Below are lines of data, and only some are wanted. Please repeat exactly those from the line that has "whole history [pi_1;" through the line that has "(map (fun ij".
----- Provided data
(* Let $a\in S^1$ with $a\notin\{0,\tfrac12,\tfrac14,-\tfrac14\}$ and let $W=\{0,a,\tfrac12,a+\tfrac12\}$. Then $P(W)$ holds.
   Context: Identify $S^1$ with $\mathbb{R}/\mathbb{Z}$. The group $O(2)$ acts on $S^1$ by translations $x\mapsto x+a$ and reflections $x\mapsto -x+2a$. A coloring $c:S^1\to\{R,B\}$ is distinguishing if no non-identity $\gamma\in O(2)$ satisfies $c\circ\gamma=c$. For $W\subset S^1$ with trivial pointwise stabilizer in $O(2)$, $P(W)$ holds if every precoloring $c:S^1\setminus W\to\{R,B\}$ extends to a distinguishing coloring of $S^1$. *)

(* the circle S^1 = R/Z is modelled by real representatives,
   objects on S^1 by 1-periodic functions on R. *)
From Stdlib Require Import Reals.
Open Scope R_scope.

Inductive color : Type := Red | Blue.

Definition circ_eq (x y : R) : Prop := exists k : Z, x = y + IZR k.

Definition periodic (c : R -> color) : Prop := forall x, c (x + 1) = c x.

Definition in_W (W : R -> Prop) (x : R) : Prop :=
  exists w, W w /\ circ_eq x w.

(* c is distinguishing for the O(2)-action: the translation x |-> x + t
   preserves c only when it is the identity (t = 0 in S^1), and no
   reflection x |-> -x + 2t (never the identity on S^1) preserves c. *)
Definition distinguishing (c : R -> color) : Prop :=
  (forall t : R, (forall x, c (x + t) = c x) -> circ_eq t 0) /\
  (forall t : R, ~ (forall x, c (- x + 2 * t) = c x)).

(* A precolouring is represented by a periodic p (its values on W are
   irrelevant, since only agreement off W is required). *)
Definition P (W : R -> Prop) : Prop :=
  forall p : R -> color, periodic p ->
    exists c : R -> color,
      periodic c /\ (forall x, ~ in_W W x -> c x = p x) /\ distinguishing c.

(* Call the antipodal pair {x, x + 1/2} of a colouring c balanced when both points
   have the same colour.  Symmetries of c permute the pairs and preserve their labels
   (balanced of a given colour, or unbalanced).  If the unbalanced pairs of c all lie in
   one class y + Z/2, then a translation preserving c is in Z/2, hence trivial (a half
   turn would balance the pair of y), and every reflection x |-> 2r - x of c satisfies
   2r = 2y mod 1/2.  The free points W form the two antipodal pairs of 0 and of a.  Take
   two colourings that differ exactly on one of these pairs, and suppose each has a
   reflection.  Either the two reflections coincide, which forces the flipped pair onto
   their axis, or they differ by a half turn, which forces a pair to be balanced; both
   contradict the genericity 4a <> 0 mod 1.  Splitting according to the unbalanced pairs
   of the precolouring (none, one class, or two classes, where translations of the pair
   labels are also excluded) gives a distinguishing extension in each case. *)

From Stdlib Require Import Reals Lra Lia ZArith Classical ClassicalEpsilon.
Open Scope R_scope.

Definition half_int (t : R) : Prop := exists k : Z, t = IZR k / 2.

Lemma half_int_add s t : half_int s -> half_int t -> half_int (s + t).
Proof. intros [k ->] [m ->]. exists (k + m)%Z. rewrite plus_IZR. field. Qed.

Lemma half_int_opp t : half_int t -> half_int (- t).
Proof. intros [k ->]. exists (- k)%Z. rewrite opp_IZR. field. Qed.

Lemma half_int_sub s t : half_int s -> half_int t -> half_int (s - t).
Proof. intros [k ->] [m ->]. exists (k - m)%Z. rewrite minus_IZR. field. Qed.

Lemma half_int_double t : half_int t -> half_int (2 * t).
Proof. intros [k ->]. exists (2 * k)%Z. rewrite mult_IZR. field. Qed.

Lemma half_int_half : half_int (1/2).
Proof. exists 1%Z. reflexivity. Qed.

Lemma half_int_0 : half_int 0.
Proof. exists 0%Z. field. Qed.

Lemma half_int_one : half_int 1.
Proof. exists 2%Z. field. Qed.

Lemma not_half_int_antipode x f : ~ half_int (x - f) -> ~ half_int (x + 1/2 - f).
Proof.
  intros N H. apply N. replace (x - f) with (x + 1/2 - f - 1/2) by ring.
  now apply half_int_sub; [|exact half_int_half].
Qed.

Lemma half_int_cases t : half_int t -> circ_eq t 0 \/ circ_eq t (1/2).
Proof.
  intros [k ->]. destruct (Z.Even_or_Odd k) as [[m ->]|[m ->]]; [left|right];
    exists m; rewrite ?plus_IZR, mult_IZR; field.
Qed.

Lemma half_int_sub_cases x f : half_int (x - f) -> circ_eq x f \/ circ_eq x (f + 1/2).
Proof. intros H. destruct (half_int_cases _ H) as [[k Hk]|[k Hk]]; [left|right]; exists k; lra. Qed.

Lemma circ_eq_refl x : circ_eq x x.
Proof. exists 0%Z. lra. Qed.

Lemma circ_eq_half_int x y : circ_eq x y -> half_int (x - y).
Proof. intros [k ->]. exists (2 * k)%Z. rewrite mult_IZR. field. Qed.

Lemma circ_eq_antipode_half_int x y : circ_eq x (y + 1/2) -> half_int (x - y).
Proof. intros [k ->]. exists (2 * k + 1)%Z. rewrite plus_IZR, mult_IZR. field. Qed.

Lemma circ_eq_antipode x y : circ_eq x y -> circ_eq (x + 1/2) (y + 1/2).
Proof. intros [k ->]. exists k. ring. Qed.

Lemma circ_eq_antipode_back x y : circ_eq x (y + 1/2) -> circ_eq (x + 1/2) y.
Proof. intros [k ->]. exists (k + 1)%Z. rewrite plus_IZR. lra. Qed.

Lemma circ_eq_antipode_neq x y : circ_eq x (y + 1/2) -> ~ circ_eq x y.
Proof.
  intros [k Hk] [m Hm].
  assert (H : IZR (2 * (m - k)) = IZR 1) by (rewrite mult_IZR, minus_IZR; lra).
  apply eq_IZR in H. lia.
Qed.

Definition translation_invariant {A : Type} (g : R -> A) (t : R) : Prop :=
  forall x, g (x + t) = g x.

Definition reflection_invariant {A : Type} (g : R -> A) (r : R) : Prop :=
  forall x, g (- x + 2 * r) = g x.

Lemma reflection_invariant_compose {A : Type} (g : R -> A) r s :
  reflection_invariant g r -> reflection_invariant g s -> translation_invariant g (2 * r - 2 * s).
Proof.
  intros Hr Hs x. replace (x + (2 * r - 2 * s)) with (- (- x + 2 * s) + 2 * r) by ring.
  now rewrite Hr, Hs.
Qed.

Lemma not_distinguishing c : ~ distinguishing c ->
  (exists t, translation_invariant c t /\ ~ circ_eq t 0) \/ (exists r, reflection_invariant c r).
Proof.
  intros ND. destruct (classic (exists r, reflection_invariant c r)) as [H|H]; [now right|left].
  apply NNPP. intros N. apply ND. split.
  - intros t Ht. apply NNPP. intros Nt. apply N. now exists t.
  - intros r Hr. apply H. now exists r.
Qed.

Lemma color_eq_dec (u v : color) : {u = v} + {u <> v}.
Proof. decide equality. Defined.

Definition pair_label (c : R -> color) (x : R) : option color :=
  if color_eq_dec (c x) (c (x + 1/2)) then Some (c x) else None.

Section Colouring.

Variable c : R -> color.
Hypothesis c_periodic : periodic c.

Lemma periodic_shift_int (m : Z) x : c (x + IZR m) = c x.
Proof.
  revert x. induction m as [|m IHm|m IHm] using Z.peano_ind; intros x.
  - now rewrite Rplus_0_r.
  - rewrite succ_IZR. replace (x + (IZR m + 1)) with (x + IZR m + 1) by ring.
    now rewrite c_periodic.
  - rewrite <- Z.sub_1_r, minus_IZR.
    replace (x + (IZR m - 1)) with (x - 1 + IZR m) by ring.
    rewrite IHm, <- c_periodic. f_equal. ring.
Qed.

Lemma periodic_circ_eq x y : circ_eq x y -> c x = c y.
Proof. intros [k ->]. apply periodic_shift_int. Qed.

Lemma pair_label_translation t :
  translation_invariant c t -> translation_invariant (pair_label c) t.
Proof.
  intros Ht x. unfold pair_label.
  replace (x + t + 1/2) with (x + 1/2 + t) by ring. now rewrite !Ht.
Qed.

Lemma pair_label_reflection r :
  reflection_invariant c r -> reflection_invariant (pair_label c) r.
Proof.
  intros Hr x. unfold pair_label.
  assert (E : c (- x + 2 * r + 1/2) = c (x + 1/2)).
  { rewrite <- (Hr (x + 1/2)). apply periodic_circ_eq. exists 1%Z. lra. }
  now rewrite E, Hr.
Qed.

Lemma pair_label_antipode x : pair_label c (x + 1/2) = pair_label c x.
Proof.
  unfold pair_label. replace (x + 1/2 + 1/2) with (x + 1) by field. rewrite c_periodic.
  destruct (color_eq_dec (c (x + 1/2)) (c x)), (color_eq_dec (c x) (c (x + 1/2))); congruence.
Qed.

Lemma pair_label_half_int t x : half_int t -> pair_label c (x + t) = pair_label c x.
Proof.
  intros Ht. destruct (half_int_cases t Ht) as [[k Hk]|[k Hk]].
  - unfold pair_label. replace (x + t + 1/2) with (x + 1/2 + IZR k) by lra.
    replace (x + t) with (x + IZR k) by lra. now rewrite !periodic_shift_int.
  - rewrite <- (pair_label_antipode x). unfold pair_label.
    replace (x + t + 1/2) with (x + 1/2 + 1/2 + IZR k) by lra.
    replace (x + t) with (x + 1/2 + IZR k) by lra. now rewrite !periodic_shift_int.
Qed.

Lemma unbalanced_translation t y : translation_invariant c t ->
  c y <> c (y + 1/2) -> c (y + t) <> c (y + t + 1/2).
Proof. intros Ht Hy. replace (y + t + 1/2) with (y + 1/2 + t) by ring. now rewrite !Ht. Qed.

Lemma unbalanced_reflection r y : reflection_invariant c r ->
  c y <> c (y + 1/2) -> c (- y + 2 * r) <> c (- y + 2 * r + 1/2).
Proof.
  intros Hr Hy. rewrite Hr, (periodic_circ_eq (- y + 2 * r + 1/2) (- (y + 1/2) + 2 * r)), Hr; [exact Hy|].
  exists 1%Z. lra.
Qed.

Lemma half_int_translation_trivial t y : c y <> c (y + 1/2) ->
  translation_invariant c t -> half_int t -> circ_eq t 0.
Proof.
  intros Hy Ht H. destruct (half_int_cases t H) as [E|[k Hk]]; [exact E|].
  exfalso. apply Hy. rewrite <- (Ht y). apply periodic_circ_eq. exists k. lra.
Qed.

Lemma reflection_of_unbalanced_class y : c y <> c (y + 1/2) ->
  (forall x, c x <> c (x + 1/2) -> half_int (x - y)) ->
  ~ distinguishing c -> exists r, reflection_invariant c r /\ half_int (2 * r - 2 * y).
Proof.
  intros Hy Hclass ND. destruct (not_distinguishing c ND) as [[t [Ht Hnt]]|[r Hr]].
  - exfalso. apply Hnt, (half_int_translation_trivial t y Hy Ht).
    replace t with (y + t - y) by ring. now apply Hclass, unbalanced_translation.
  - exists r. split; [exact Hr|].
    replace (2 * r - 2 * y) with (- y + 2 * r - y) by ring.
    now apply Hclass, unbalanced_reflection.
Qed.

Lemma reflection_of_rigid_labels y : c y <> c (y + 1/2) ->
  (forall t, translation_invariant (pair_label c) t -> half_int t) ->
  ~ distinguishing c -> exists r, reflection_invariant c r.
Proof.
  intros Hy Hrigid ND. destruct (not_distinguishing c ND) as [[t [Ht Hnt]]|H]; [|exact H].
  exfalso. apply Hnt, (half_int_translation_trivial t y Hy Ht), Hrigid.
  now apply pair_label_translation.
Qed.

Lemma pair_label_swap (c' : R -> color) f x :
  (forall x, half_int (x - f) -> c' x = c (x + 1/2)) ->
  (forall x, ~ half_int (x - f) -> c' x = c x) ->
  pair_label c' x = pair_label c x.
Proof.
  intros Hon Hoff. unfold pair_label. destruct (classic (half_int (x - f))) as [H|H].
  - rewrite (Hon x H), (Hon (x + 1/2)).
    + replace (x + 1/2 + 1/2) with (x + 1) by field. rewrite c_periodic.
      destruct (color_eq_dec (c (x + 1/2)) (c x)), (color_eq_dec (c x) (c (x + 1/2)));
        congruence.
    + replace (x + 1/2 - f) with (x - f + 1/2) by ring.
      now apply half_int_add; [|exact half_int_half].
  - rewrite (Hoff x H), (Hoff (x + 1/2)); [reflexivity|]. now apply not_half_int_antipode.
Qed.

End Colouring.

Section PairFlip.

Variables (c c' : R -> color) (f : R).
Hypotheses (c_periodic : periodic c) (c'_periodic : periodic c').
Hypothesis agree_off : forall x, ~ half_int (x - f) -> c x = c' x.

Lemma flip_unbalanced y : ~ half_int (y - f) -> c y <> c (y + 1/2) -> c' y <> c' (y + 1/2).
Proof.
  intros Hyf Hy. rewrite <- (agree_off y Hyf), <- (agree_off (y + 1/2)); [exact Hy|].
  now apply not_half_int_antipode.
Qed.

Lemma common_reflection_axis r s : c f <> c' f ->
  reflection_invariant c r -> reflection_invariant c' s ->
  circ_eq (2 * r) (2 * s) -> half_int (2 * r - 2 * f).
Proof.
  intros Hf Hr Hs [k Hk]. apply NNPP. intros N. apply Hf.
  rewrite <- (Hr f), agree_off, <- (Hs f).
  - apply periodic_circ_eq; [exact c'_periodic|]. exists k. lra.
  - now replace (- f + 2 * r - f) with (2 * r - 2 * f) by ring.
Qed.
----------
----- Provided data
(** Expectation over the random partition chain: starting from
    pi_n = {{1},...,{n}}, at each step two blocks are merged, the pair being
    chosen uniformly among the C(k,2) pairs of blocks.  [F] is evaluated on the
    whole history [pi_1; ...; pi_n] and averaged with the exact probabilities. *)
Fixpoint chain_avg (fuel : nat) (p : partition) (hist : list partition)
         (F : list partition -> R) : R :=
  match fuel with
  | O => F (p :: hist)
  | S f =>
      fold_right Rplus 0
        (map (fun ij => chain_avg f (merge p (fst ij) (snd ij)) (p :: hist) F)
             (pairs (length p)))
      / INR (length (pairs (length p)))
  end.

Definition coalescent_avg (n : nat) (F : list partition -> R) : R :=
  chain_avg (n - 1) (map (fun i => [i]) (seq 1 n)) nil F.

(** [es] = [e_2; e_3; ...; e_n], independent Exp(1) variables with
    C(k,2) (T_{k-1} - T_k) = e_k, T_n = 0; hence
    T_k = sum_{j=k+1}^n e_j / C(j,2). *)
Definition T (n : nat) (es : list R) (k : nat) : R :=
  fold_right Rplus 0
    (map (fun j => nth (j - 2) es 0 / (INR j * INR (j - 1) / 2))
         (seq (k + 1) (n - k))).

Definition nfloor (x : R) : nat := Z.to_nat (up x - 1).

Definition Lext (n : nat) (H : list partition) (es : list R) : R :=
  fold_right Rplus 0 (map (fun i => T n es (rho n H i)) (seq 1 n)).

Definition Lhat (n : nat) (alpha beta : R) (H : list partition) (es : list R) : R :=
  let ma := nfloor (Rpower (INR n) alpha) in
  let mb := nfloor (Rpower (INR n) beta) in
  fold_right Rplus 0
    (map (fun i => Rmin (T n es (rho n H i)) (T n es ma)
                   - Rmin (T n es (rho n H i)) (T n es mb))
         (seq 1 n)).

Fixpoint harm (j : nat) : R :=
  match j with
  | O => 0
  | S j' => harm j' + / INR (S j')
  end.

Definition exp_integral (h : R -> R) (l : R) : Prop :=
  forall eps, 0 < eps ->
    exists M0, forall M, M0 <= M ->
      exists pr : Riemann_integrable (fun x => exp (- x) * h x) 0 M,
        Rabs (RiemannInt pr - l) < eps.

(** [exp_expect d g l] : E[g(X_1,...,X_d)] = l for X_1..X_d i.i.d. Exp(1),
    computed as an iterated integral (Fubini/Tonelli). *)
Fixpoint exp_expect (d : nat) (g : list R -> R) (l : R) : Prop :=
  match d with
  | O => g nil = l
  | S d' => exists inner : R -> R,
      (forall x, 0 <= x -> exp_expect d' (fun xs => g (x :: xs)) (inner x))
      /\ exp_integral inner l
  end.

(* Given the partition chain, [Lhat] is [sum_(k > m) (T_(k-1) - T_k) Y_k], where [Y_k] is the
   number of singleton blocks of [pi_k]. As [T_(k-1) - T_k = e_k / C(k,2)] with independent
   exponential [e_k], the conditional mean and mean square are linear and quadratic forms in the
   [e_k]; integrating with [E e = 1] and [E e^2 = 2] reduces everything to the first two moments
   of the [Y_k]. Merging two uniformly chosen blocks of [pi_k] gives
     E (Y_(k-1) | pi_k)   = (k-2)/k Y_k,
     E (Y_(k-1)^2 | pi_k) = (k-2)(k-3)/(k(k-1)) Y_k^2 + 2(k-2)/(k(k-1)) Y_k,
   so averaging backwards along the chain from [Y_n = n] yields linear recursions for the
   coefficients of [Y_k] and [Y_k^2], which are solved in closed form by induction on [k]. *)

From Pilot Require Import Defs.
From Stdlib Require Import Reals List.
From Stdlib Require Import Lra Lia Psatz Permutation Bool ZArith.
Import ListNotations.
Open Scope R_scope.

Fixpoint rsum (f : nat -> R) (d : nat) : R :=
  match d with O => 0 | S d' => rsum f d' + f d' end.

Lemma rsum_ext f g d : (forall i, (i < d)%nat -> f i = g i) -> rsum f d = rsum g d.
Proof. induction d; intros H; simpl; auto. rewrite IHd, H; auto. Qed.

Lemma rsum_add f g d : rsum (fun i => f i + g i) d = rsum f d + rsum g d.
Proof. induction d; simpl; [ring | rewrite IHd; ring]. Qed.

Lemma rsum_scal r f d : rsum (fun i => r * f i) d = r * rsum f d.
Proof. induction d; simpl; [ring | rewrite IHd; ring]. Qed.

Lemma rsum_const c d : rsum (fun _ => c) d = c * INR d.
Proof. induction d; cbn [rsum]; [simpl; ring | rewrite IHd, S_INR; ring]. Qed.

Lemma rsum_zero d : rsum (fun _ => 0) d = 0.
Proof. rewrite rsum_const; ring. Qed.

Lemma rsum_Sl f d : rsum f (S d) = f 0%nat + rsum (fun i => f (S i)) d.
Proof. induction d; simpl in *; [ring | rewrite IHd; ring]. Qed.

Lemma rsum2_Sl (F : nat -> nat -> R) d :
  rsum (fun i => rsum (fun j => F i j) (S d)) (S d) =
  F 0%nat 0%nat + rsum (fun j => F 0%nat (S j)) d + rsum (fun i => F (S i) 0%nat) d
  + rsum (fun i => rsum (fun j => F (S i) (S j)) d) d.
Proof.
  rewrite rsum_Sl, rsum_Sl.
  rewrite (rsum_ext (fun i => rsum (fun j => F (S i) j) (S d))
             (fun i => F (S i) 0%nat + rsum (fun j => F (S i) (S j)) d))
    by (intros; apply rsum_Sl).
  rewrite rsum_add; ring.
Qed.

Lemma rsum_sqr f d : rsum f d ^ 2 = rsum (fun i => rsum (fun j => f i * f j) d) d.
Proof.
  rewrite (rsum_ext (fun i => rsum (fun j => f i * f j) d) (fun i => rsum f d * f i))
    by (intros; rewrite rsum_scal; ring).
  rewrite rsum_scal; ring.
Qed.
----------
▶ **Answer to this exercise**:
    whole history [pi_1; ...; pi_n] and averaged with the exact probabilities. *)
Fixpoint chain_avg (fuel : nat) (p : partition) (hist : list partition)
         (F : list partition -> R) : R :=
  match fuel with
  | O => F (p :: hist)
  | S f =>
      fold_right Rplus 0
        (map (fun ij => chain_avg f (merge p (fst ij) (snd ij)) (p :: hist) F)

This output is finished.